Search term "apply": copy each line of the data containing it.

★ ★ ★ ★ ★

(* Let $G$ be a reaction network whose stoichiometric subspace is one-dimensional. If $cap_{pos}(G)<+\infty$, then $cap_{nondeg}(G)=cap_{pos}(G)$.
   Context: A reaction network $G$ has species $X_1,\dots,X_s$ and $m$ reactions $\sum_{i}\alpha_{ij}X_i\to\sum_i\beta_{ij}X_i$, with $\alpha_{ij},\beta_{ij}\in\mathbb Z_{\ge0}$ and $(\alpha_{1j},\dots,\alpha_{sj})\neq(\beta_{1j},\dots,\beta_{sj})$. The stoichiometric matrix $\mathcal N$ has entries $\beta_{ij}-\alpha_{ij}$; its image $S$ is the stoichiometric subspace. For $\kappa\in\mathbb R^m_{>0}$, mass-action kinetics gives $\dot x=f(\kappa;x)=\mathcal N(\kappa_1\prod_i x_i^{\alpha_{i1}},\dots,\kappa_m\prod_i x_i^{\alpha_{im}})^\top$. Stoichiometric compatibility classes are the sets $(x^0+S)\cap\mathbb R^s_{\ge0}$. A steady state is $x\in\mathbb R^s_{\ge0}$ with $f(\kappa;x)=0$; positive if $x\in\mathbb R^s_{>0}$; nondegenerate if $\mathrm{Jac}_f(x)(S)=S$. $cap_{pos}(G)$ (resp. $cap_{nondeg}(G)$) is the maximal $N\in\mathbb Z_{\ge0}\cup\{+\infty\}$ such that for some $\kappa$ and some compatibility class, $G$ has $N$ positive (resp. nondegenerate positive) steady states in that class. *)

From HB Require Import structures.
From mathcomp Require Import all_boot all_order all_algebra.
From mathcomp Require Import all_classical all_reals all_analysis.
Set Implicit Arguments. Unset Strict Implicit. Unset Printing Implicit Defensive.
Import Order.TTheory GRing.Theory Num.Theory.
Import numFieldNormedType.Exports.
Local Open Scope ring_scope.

★ ★ ★ ★ ★

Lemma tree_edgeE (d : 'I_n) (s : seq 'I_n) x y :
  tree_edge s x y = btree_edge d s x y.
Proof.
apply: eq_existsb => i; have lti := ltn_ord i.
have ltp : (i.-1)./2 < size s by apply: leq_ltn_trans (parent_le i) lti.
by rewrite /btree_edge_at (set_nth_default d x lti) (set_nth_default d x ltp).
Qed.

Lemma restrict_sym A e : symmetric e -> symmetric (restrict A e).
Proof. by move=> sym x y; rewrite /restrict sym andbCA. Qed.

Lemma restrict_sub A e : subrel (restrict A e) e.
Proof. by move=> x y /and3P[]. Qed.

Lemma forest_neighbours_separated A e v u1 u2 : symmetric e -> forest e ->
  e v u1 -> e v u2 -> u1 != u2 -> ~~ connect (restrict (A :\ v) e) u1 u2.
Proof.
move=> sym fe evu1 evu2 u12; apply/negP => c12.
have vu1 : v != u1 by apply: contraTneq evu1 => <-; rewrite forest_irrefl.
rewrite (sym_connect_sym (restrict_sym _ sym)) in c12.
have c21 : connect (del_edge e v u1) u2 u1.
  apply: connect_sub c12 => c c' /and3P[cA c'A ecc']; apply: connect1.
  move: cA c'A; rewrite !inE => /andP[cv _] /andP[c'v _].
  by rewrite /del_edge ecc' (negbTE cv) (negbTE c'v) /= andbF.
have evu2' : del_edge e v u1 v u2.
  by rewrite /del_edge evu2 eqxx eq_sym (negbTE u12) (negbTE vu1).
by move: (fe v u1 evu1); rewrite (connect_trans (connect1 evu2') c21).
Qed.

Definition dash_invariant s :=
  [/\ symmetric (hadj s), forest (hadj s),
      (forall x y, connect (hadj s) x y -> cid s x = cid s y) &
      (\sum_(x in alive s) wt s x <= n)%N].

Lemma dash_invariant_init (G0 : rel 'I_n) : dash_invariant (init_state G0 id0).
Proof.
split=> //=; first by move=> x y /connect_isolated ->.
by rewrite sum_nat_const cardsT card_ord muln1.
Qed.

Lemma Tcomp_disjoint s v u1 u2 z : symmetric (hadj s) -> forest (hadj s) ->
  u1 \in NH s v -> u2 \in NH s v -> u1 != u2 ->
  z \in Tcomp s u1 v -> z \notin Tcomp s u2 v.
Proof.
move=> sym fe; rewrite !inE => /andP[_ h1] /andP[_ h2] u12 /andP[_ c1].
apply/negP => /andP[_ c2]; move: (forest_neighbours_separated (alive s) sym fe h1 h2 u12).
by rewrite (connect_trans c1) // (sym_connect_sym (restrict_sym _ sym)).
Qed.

★ ★ ★ ★ ★

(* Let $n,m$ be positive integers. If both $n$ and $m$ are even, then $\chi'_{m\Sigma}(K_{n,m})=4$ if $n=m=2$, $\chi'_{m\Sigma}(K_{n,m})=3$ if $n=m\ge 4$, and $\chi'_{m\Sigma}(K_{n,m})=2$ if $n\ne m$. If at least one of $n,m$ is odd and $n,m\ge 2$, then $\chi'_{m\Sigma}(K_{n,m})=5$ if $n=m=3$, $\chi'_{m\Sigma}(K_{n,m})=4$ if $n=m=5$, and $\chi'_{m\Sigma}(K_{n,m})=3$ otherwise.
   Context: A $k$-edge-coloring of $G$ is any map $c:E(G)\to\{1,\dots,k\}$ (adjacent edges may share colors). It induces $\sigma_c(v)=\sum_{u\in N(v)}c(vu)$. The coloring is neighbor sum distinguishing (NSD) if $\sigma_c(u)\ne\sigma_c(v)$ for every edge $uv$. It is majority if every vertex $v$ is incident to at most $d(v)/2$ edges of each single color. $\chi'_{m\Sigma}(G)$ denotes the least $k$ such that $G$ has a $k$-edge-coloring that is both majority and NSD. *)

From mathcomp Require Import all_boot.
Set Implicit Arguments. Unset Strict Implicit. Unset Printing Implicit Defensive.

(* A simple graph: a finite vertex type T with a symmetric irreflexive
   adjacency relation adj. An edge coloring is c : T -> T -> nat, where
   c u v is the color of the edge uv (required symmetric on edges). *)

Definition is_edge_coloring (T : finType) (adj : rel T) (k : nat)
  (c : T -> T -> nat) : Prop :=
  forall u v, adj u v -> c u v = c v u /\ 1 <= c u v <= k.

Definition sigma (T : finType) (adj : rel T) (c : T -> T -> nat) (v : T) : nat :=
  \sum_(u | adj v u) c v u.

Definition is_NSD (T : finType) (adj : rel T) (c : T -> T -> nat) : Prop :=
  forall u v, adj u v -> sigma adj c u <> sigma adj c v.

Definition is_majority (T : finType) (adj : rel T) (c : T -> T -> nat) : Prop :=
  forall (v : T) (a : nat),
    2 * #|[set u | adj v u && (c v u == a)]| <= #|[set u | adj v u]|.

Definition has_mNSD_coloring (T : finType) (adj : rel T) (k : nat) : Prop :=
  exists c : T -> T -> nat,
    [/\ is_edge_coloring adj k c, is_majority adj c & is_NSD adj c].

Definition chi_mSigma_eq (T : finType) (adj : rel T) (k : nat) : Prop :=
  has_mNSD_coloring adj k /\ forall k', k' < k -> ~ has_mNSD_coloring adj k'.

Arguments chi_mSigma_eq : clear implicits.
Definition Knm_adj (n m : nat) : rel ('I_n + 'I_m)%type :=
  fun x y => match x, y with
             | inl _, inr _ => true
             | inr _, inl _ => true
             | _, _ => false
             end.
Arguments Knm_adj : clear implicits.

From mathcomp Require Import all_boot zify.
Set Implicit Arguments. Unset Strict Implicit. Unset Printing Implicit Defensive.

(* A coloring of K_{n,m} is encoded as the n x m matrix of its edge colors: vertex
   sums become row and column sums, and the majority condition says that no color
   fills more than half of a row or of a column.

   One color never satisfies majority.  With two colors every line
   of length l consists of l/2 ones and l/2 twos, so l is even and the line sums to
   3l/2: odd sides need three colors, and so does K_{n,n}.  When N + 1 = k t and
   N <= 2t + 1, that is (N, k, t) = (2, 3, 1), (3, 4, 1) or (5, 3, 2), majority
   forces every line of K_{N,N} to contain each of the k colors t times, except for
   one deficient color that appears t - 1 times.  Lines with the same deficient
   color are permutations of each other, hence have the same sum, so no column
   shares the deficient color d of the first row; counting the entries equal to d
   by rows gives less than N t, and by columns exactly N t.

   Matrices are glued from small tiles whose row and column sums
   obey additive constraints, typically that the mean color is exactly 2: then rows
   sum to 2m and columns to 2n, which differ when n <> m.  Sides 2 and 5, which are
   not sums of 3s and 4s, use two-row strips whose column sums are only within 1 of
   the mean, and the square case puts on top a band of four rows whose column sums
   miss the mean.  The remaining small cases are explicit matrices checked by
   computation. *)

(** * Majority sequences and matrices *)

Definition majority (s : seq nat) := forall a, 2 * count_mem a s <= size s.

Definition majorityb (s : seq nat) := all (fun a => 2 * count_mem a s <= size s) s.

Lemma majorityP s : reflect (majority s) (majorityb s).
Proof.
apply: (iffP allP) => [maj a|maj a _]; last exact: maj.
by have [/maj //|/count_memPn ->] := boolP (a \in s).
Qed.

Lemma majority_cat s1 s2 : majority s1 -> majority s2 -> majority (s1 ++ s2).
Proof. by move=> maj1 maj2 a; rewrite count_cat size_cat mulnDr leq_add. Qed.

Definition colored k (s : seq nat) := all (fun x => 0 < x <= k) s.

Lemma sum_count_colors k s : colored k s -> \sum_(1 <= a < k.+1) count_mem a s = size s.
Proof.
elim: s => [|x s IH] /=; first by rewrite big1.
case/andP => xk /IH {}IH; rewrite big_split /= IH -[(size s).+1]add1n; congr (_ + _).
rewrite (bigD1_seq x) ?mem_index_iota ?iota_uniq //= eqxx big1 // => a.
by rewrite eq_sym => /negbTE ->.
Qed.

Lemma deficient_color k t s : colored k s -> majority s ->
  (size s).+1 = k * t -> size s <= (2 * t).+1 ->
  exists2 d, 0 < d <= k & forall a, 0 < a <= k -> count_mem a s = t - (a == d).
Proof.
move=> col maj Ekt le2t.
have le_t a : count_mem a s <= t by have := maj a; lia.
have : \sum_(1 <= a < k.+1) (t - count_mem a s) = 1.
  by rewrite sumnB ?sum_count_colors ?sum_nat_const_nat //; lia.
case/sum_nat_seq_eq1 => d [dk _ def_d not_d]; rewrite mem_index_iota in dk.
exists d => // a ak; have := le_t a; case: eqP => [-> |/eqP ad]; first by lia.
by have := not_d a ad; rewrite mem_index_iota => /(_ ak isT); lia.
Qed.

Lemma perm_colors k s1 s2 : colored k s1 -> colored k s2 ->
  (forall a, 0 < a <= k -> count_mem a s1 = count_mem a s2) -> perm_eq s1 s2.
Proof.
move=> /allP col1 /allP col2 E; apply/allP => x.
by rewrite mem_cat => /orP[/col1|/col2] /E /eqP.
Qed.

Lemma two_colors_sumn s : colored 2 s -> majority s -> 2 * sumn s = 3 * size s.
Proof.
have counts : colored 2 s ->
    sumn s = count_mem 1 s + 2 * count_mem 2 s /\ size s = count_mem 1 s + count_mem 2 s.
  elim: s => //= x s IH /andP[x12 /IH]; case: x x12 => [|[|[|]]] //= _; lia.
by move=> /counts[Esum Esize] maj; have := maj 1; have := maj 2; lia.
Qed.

★ ★ ★ ★ ★

» Expected answer
apply: eq_existsb => i; have lti := ltn_ord i.
have ltp : (i.-1)./2 < size s by apply: leq_ltn_trans (parent_le i) lti.
move=> sym fe evu1 evu2 u12; apply/negP => c12.
have vu1 : v != u1 by apply: contraTneq evu1 => <-; rewrite forest_irrefl.
  apply: connect_sub c12 => c c' /and3P[cA c'A ecc']; apply: connect1.
apply/negP => /andP[_ c2]; move: (forest_neighbours_separated (alive s) sym fe h1 h2 u12).
apply: (iffP allP) => [maj a|maj a _]; last exact: maj.
move=> /allP col1 /allP col2 E; apply/allP => x.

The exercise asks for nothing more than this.